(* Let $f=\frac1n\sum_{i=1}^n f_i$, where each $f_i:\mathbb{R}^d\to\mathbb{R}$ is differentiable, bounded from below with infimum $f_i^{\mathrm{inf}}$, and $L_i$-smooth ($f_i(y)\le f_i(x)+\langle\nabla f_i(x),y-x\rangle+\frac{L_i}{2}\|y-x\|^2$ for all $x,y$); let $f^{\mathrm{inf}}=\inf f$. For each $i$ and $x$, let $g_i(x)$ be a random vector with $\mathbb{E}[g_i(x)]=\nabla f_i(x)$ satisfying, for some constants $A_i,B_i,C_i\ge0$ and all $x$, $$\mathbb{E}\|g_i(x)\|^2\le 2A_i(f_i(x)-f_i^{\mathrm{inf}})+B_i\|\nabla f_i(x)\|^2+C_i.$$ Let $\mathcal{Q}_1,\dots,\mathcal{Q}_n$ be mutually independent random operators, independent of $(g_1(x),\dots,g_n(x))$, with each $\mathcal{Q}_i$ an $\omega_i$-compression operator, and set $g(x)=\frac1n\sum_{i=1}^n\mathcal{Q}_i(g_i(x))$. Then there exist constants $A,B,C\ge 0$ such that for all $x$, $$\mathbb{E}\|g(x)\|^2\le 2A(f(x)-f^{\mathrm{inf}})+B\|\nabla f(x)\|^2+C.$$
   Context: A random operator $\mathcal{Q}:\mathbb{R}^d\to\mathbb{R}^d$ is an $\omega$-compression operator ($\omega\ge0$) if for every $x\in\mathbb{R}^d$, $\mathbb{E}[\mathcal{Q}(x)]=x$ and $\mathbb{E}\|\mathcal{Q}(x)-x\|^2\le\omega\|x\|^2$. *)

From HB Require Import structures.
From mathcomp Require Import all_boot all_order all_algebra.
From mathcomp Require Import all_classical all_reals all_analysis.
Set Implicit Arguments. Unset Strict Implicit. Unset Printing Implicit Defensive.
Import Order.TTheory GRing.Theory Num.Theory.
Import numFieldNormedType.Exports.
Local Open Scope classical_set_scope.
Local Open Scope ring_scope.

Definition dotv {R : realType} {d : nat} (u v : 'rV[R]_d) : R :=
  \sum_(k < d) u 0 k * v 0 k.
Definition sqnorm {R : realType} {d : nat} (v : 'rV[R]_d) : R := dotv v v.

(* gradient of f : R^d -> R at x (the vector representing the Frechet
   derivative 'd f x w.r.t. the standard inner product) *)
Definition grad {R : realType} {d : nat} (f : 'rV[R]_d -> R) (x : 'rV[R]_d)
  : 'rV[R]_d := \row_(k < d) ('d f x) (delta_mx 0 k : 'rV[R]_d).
****************************************
EXERCISE DESCRIPTION. Make an exact copy of every entry.

ANSWER BELOW.
(* Let $f=\frac1n\sum_{i=1}^n f_i$, where each $f_i:\mathbb{R}^d\to\mathbb{R}$ is differentiable, bounded from below with infimum $f_i^{\mathrm{inf}}$, and $L_i$-smooth ($f_i(y)\le f_i(x)+\langle\nabla f_i(x),y-x\rangle+\frac{L_i}{2}\|y-x\|^2$ for all $x,y$); let $f^{\mathrm{inf}}=\inf f$. For each $i$ and $x$, let $g_i(x)$ be a random vector with $\mathbb{E}[g_i(x)]=\nabla f_i(x)$ satisfying, for some constants $A_i,B_i,C_i\ge0$ and all $x$, $$\mathbb{E}\|g_i(x)\|^2\le 2A_i(f_i(x)-f_i^{\mathrm{inf}})+B_i\|\nabla f_i(x)\|^2+C_i.$$ Let $\mathcal{Q}_1,\dots,\mathcal{Q}_n$ be mutually independent random operators, independent of $(g_1(x),\dots,g_n(x))$, with each $\mathcal{Q}_i$ an $\omega_i$-compression operator, and set $g(x)=\frac1n\sum_{i=1}^n\mathcal{Q}_i(g_i(x))$. Then there exist constants $A,B,C\ge 0$ such that for all $x$, $$\mathbb{E}\|g(x)\|^2\le 2A(f(x)-f^{\mathrm{inf}})+B\|\nabla f(x)\|^2+C.$$
   Context: A random operator $\mathcal{Q}:\mathbb{R}^d\to\mathbb{R}^d$ is an $\omega$-compression operator ($\omega\ge0$) if for every $x\in\mathbb{R}^d$, $\mathbb{E}[\mathcal{Q}(x)]=x$ and $\mathbb{E}\|\mathcal{Q}(x)-x\|^2\le\omega\|x\|^2$. *)

From HB Require Import structures.
From mathcomp Require Import all_boot all_order all_algebra.
From mathcomp Require Import all_classical all_reals all_analysis.
Set Implicit Arguments. Unset Strict Implicit. Unset Printing Implicit Defensive.
Import Order.TTheory GRing.Theory Num.Theory.
Import numFieldNormedType.Exports.
Local Open Scope classical_set_scope.
Local Open Scope ring_scope.

Definition dotv {R : realType} {d : nat} (u v : 'rV[R]_d) : R :=
  \sum_(k < d) u 0 k * v 0 k.
Definition sqnorm {R : realType} {d : nat} (v : 'rV[R]_d) : R := dotv v v.

(* gradient of f : R^d -> R at x (the vector representing the Frechet
   derivative 'd f x w.r.t. the standard inner product) *)
Definition grad {R : realType} {d : nat} (f : 'rV[R]_d -> R) (x : 'rV[R]_d)
  : 'rV[R]_d := \row_(k < d) ('d f x) (delta_mx 0 k : 'rV[R]_d).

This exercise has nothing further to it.